▶ _ABOUT THIS EXERCISE_: Filter the entries below down to the lines that hold "hline".

Start of MATERIAL PROVIDED

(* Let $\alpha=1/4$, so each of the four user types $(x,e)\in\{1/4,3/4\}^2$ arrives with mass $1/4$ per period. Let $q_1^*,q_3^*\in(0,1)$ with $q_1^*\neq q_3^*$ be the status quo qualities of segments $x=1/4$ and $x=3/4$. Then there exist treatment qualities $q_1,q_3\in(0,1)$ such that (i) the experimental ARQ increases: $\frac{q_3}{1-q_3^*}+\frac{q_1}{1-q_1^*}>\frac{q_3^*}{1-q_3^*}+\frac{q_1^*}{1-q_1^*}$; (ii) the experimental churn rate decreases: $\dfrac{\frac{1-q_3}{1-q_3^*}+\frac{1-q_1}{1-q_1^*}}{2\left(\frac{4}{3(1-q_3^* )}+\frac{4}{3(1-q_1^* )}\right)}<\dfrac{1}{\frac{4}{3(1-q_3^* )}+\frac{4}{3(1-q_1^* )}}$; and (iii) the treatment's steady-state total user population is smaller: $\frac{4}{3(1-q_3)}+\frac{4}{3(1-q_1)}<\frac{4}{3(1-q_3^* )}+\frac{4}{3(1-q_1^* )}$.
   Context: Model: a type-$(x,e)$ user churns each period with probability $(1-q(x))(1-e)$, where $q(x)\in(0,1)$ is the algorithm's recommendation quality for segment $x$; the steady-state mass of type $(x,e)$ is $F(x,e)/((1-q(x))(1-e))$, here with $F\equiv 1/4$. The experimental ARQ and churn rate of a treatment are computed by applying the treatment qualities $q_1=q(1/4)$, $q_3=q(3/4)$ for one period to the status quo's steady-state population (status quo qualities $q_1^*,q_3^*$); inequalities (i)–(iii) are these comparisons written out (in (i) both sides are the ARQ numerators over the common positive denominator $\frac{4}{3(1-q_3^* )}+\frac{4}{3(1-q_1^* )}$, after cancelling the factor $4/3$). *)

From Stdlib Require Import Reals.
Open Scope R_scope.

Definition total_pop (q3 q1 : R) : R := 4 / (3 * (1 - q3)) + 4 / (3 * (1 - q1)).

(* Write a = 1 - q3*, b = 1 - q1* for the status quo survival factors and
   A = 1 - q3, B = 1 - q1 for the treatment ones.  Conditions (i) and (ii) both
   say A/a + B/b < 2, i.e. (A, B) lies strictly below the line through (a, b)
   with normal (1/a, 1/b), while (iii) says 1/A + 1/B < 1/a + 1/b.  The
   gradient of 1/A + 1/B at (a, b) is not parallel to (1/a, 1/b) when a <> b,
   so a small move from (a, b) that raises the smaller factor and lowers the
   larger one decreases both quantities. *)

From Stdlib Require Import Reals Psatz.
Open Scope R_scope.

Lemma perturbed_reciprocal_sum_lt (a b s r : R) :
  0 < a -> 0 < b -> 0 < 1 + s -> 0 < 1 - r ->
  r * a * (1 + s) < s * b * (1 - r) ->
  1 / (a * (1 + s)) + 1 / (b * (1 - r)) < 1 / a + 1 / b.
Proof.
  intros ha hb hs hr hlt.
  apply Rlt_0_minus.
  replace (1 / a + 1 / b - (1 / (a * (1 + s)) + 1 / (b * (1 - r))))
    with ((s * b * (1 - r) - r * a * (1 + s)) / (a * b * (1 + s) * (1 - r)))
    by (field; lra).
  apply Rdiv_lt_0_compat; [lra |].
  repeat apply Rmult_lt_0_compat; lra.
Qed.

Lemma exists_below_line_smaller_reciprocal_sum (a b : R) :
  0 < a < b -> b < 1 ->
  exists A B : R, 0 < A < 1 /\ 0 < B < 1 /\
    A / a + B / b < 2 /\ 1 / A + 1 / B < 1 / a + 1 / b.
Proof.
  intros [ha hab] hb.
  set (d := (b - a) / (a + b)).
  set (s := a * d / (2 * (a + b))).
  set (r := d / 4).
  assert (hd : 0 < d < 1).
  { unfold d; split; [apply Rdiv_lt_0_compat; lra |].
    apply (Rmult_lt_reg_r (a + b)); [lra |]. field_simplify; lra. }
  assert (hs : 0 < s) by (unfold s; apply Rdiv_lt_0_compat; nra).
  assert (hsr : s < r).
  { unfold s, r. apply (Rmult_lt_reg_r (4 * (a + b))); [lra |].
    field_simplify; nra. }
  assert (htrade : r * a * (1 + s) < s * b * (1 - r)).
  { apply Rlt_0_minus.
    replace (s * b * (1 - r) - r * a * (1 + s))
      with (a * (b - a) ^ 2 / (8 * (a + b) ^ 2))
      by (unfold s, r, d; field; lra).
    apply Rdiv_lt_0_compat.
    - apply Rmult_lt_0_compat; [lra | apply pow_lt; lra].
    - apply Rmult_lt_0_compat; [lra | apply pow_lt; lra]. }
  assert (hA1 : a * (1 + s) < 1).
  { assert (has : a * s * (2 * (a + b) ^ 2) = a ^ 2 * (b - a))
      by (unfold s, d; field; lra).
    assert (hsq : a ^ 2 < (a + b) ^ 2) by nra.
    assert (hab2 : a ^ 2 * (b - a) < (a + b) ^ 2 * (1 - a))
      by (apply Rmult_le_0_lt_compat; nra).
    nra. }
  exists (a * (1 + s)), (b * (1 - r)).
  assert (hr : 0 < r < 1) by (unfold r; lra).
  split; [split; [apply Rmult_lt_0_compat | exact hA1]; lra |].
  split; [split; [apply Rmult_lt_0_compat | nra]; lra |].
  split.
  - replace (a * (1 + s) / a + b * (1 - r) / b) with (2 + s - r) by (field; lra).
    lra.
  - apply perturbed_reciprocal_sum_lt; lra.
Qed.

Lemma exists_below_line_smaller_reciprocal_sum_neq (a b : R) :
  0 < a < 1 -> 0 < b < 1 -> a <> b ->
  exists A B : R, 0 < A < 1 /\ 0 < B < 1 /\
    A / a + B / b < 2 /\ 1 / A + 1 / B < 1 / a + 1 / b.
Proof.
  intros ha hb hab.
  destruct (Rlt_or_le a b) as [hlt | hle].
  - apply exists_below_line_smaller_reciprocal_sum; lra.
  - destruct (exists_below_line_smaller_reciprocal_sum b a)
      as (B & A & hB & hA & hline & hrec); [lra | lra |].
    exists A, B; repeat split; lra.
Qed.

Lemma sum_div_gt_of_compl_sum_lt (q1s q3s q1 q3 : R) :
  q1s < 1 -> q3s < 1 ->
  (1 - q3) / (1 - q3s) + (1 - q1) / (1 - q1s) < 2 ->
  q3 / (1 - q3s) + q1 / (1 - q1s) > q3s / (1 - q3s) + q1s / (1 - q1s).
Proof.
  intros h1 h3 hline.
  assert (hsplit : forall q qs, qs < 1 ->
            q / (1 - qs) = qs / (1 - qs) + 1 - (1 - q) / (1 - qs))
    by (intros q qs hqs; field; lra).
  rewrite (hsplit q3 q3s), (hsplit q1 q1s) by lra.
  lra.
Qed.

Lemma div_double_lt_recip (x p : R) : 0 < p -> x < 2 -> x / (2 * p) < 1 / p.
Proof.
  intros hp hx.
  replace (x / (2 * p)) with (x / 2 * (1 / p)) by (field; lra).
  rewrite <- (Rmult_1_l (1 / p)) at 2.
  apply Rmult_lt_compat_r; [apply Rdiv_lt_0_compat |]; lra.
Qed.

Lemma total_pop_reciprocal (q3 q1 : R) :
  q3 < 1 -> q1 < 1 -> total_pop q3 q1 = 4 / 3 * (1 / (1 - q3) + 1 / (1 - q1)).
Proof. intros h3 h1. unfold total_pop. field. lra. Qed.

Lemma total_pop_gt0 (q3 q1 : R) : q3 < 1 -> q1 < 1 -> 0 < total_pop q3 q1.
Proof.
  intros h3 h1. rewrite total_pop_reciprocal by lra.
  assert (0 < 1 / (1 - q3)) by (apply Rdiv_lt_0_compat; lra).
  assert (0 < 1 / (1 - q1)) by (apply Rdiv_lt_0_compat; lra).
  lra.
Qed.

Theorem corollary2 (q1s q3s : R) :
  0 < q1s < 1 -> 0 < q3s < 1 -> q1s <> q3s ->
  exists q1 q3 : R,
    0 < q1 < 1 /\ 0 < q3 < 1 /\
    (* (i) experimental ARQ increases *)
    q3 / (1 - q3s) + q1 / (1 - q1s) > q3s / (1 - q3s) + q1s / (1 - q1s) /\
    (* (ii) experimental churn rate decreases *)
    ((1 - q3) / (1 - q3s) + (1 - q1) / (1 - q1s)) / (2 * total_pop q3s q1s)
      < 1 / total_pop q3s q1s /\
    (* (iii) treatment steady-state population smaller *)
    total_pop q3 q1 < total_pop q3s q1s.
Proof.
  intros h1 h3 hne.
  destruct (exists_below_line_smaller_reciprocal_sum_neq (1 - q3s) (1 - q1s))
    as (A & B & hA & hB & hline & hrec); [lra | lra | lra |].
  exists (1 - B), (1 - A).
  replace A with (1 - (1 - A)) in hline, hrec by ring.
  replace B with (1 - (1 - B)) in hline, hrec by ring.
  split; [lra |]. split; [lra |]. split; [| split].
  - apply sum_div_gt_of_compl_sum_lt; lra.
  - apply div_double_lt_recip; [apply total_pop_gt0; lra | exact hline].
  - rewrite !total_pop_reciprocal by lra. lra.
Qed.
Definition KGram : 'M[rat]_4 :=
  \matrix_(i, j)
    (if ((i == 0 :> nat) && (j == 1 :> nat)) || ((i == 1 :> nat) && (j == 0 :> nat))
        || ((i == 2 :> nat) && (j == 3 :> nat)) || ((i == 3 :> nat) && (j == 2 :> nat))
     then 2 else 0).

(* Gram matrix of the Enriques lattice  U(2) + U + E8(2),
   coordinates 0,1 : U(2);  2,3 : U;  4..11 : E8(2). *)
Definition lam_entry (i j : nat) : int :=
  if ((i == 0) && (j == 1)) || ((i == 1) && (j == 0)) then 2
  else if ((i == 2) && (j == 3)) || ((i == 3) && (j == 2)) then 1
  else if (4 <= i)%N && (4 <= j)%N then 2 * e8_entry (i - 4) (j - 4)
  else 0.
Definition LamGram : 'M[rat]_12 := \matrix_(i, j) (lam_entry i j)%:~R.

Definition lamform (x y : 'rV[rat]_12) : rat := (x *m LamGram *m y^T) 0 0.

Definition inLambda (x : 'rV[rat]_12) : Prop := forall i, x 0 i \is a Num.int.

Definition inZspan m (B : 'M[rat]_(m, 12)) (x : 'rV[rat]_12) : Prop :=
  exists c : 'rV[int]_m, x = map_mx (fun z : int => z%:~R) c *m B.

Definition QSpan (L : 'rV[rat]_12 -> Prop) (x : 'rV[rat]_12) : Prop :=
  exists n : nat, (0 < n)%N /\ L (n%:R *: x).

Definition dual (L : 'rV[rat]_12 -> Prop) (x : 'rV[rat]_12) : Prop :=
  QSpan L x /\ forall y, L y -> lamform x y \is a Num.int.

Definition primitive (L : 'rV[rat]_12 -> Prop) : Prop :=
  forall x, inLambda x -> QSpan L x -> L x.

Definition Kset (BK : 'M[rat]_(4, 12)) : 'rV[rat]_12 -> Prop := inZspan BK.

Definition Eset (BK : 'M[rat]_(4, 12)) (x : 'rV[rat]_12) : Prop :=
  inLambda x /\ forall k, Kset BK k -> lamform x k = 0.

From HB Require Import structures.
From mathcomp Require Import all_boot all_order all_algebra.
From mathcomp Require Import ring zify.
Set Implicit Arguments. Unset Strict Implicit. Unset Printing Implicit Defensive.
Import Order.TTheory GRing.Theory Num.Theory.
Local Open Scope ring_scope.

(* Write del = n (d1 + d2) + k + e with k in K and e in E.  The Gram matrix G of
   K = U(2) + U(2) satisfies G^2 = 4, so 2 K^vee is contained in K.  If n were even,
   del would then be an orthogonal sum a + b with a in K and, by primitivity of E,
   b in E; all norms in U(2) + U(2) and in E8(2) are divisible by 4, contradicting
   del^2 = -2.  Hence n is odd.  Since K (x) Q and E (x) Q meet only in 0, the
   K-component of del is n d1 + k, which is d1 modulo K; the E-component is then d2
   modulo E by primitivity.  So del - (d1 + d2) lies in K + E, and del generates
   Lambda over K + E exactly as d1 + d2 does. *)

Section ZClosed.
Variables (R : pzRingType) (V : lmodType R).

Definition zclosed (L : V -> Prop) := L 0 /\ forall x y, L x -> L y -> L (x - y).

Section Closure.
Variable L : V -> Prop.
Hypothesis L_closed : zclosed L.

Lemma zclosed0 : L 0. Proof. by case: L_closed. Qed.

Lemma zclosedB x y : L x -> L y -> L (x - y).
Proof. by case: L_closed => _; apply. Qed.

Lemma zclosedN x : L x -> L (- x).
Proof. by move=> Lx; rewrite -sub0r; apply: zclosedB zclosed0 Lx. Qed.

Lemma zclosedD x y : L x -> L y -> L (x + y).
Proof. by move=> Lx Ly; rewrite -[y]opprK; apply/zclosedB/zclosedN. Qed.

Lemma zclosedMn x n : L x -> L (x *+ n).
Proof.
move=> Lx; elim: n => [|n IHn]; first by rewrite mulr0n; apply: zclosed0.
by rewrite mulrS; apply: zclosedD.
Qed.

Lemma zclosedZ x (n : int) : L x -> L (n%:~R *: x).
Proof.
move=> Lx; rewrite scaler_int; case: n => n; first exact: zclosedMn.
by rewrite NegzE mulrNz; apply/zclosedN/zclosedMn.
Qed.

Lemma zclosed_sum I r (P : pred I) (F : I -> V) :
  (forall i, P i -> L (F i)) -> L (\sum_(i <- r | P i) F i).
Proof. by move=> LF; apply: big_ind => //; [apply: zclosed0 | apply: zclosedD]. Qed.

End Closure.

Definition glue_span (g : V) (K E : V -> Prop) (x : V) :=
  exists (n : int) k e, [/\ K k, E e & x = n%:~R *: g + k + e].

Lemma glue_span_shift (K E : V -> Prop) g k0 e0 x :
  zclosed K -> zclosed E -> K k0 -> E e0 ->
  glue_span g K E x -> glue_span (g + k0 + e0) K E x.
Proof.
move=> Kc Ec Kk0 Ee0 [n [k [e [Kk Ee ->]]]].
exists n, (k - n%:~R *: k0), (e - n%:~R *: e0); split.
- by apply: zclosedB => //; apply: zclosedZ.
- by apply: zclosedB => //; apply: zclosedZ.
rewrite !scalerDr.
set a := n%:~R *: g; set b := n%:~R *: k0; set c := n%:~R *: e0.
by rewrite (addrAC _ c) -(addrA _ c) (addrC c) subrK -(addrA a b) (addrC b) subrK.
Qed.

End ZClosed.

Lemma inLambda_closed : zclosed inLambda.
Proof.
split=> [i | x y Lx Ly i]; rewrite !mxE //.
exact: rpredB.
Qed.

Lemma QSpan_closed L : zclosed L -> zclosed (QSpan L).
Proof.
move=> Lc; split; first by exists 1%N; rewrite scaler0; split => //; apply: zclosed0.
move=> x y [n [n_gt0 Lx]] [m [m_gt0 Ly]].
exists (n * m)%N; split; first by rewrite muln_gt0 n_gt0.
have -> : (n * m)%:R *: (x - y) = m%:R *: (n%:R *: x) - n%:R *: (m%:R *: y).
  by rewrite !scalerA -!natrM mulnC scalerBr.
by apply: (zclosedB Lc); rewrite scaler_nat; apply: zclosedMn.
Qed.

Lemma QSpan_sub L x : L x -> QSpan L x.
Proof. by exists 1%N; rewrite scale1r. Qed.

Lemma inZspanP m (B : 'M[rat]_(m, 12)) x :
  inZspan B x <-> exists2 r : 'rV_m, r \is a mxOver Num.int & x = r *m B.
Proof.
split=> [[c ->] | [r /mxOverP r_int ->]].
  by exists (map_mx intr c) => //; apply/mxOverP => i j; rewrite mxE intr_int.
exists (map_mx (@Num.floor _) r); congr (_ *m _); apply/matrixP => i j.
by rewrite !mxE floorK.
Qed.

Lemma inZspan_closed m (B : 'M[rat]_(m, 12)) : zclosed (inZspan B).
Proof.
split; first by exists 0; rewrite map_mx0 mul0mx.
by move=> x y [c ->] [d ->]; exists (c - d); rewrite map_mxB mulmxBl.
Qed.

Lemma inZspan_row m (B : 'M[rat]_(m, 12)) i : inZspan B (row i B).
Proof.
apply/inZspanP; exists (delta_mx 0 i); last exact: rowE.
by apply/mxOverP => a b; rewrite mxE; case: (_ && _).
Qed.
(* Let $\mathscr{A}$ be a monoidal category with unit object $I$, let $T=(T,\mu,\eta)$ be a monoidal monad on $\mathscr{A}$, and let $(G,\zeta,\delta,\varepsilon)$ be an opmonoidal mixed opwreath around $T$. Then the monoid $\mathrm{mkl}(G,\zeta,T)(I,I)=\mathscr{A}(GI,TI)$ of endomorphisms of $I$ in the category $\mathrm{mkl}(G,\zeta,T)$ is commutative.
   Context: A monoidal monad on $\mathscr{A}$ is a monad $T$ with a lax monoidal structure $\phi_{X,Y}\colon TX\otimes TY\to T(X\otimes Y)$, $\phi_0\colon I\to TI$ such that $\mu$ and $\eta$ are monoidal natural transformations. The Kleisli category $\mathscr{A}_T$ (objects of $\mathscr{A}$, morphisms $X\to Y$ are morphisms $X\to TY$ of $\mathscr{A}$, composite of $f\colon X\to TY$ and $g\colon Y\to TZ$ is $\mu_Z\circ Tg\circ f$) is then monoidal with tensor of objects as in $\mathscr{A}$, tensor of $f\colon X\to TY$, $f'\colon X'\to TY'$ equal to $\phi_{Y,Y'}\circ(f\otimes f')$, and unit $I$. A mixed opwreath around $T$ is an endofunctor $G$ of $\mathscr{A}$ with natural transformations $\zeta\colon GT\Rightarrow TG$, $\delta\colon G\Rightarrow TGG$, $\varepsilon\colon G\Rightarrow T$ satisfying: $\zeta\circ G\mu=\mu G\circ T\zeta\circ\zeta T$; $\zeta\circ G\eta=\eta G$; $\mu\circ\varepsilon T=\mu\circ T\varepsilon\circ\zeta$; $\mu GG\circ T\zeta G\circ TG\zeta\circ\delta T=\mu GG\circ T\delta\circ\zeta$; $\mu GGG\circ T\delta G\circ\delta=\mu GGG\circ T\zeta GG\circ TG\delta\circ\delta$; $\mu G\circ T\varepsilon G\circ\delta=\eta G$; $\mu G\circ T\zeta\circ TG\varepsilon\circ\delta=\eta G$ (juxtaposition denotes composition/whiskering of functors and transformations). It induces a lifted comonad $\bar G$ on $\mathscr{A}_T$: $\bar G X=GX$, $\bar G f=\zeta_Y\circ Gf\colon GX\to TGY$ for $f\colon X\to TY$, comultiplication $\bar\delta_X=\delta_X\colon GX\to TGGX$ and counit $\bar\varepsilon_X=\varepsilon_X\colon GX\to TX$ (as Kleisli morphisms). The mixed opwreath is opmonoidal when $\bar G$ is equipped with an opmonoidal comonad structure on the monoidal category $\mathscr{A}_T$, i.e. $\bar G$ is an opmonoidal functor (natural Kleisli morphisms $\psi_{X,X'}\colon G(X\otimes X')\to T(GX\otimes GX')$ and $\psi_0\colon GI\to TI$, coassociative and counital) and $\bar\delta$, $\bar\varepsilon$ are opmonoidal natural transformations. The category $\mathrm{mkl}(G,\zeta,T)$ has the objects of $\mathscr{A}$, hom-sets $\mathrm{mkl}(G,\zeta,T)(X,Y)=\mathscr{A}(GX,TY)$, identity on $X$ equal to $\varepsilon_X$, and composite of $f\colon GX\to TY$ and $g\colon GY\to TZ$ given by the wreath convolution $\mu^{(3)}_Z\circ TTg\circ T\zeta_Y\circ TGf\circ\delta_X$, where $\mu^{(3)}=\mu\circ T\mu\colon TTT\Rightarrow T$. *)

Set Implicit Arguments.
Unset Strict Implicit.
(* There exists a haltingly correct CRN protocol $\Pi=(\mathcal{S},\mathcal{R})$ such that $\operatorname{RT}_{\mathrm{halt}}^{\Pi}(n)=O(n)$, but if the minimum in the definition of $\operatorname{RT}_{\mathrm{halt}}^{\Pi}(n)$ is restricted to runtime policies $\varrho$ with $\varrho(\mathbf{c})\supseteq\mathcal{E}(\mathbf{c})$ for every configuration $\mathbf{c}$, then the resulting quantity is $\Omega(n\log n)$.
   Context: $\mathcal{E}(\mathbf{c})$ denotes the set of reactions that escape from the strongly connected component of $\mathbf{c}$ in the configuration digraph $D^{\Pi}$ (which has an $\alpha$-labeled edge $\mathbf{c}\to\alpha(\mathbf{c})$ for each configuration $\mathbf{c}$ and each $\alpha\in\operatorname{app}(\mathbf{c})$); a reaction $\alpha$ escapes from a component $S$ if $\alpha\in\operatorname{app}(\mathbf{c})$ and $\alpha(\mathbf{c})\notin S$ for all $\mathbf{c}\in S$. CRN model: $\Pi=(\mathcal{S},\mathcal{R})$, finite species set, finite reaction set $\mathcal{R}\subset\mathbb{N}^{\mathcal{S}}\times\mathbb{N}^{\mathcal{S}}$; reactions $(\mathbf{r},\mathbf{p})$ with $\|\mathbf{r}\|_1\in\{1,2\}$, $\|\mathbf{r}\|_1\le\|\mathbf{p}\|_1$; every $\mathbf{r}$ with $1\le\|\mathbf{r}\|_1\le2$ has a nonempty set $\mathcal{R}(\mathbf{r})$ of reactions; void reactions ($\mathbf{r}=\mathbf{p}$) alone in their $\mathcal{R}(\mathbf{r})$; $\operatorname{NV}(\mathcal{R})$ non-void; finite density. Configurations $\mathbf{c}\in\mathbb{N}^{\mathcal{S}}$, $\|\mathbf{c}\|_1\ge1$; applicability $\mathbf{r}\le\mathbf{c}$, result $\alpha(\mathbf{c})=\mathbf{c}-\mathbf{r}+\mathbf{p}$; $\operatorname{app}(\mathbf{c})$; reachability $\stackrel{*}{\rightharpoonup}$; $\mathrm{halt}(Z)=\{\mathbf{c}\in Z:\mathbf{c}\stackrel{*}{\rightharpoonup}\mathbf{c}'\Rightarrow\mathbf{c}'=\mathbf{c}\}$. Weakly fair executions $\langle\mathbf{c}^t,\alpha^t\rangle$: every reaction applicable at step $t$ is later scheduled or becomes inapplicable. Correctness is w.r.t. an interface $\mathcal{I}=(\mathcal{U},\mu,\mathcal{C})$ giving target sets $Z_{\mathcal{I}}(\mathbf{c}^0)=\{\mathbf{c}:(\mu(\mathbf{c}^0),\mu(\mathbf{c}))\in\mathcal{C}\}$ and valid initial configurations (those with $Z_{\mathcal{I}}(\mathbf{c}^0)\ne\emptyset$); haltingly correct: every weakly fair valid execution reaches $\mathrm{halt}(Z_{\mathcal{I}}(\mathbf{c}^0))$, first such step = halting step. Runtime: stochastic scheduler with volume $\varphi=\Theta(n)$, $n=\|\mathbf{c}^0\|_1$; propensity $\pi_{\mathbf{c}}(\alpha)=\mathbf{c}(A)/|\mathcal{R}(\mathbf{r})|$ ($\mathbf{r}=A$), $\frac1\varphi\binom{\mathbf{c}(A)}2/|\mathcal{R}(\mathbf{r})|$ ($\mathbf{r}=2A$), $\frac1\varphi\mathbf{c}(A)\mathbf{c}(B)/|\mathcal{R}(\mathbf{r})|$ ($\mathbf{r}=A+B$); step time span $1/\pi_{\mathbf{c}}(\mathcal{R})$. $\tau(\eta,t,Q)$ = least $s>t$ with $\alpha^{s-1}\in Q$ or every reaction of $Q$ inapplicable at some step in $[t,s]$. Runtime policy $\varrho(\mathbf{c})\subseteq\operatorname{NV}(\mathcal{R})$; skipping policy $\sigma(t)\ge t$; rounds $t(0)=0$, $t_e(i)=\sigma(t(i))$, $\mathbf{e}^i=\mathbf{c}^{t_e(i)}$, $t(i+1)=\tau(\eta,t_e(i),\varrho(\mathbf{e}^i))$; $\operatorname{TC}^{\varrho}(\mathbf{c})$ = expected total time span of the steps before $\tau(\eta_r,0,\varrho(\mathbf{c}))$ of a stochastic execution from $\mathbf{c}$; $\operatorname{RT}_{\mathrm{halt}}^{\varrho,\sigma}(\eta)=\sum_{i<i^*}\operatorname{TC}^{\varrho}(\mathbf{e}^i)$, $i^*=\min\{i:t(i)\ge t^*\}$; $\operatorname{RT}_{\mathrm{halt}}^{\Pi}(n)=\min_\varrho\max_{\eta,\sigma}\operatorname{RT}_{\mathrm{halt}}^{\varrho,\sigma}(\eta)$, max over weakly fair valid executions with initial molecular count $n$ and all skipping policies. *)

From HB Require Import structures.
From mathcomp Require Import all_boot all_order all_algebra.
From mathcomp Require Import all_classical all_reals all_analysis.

End of MATERIAL PROVIDED

▶ _OUTPUT BELOW_:
      as (B & A & hB & hA & hline & hrec); [lra | lra |].
  intros h1 h3 hline.
    as (A & B & hA & hB & hline & hrec); [lra | lra | lra |].
  replace A with (1 - (1 - A)) in hline, hrec by ring.
  replace B with (1 - (1 - B)) in hline, hrec by ring.
  - apply div_double_lt_recip; [apply total_pop_gt0; lra | exact hline].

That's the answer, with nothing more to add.